Fibiani is right out of Central Casting. The rest are pretty good too. A B- movie on this would be an hilarious cult classic. Black and White, of course. Film Noir.

Twister: Would you cast Peter Lorre in the role of Fabiani, whom you call Fibiani? Best, Don Bauder

Twister: Maybe so, and you can tell how old I am when the only relevant star I can think of is Peter Lorre. If I am telling a joke and want to refer to a movie beauty queen, the only one I can think of is Brigitte Bardot. Best, Don Bauder

Ty Burrell ("Modern Family") could play Fabiani if his hair were greyed.


by dwbat

dwbat: There is a resemblance there. Burrell's smile looks genuine, though. Best, Don Bauder

Don Bauder May 1, 2015 @ 7:43 a.m.

Matt101: Correct. In antagonizing San Diegans, Fabiani is doing what Spanos wants.

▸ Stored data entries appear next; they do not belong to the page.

(* A one-round coupling: the good coordinates are reindexed by the involutions [phi o],
   the other ones integrate out to 1. *)
Lemma sum_product_coupling ds : forall (P P' : nat -> Action -> R) (good : nat -> Prop)
  (phi : nat -> Action -> Action) (H H' : Profile -> R),
  (forall o x, (o < length ds)%nat -> good o -> In x (all_lists (nth o ds 0%nat)) ->
     P' o x = P o (phi o x)) ->
  (forall o x, (o < length ds)%nat -> good o -> In x (all_lists (nth o ds 0%nat)) ->
     In (phi o x) (all_lists (nth o ds 0%nat)) /\ phi o (phi o x) = x) ->
  (forall o f, (o < length ds)%nat -> good o ->
     sum_over (all_lists (nth o ds 0%nat)) (fun x => f (phi o x)) =
     sum_over (all_lists (nth o ds 0%nat)) f) ->
  (forall o, (o < length ds)%nat -> ~ good o ->
     sum_over (all_lists (nth o ds 0%nat)) (P o) = 1 /\
     sum_over (all_lists (nth o ds 0%nat)) (P' o) = 1) ->
  (forall a a', In a (profiles_of ds) -> In a' (profiles_of ds) ->
     (forall o, (o < length ds)%nat -> good o -> nth o a [] = phi o (nth o a' [])) ->
     H a = H' a') ->
  sum_over (profiles_of ds)
    (fun a => prod_over (seq 0 (length ds)) (fun o => P o (nth o a [])) * H a) =
  sum_over (profiles_of ds)
    (fun a => prod_over (seq 0 (length ds)) (fun o => P' o (nth o a [])) * H' a).
Proof.
  induction ds as [|d ds IH]; intros P P' good phi H H' HP Hphi Hsum Hbad HH.
  { cbn. rewrite (HH [] []); simpl; auto; lia. }
  cbn [length]. rewrite !sum_profiles_of_cons.
  set (S0 := fun x => sum_over (profiles_of ds) (fun r =>
    prod_over (seq 0 (length ds)) (fun o => P (S o) (nth o r [])) * H (x :: r))).
  set (S1 := fun y => sum_over (profiles_of ds) (fun r =>
    prod_over (seq 0 (length ds)) (fun o => P' (S o) (nth o r [])) * H' (y :: r))).
  assert (Htail : forall x y, In x (all_lists d) -> In y (all_lists d) ->
            (good 0%nat -> x = phi 0%nat y) -> S0 x = S1 y).
  { intros x y Hx Hy Hxy. unfold S0, S1.
    apply (IH (fun o => P (S o)) (fun o => P' (S o)) (fun o => good (S o)) (fun o => phi (S o))).
    - intros o z Ho; apply (HP (S o)); simpl in *; lia.
    - intros o z Ho; apply (Hphi (S o)); simpl in *; lia.
    - intros o f Ho; apply (Hsum (S o)); simpl in *; lia.
    - intros o Ho; apply (Hbad (S o)); simpl in *; lia.
    - intros a a' Ha Ha' Hg. apply HH; auto using in_profiles_of_cons.
      intros [|o] Ho Hgo; simpl; auto. apply Hg; auto. simpl in Ho; lia. }
  change (sum_over (all_lists d) (fun x => P 0%nat x * S0 x) =
          sum_over (all_lists d) (fun x => P' 0%nat x * S1 x)).
  destruct (classic (good 0%nat)) as [G0|G0].
  - pose proof (Hsum 0%nat (fun y => P' 0%nat y * S1 y) ltac:(simpl; lia) G0) as Hre.
    simpl nth in Hre. rewrite <- Hre.
    apply sum_over_ext. intros x Hx.
    destruct (Hphi 0%nat x ltac:(simpl; lia) G0 Hx) as [Hpx Hpp].
    rewrite (HP 0%nat (phi 0%nat x)), Hpp by (simpl; auto; lia).
    f_equal. apply Htail; auto.
  - destruct (Hbad 0%nat ltac:(simpl; lia) G0) as [B1 B2]. simpl nth in B1, B2.
    set (y0 := repeat Defect d).
    assert (Hy0 : In y0 (all_lists d)) by (apply in_all_lists, repeat_length).
    rewrite (sum_over_ext _ (fun x => P 0%nat x * S0 x) (fun x => P 0%nat x * S1 y0)),
            (sum_over_ext _ (fun x => P' 0%nat x * S1 x) (fun x => P' 0%nat x * S1 y0)).
    + rewrite !sum_over_scal_r, B1, B2. reflexivity.
    + intros x Hx. f_equal. transitivity (S0 y0); [symmetry|]; apply Htail; auto; tauto.
    + intros x Hx. f_equal. apply Htail; auto; tauto.
Qed.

For the majority of Sin Diegans, all that hot air is aimed at making them afraid "they" will "lose" the Chargers. NFL in a league with organized crime.

Twister: As I have written in several columns, from its founding, the National Football League has been in bed with organized crime. Literally. Read Dan E. Moldea's book, "Interference: How Organized Crime Influences Professional Football."

From the 1920s through the 1960s and well beyond, teams have been owned by gangsters and/or big-time gamblers. It's not as prevalent now, but offspring of mobbed-up owners still own teams. Best, Don Bauder

And, obviously, with the government prosecutors. In my movie, I would have the "Boy Scout" character named RICO. Irony, you know . . .

Twister: The character could be a tenor whose first name is EnRICO. Best, Don Bauder

Since the NFL is leaving the "non-profit" business, supposedly they will be able to operate with less scrutiny, according to one article I read.

Is the timing of this particularly interesting?

Will SDSU get Qualcomm?

eastlaker: Too much has been made of the NFL not paying taxes. The owners of teams and the teams have paid taxes all along. It was just the league's administrative arm that was excused by Congress of paying taxes. I don't know that the timing means a thing.

Will SDSU get Qualcomm? You are assuming that the Chargers are all but gone. That's likely, but not a sure thing. It's also likely that after all this, the Chargers will continue to play at Qualcomm.

Twister: Good pun. You must be referring to Foyle's War. (I confess I had to look it up. I had never heard of Foyle's War.) I googled foyle and figured out the pun. Best, Don Bauder

FYI Foyle's War is worth watching, in my opinion. Makes me wish there could be more like him.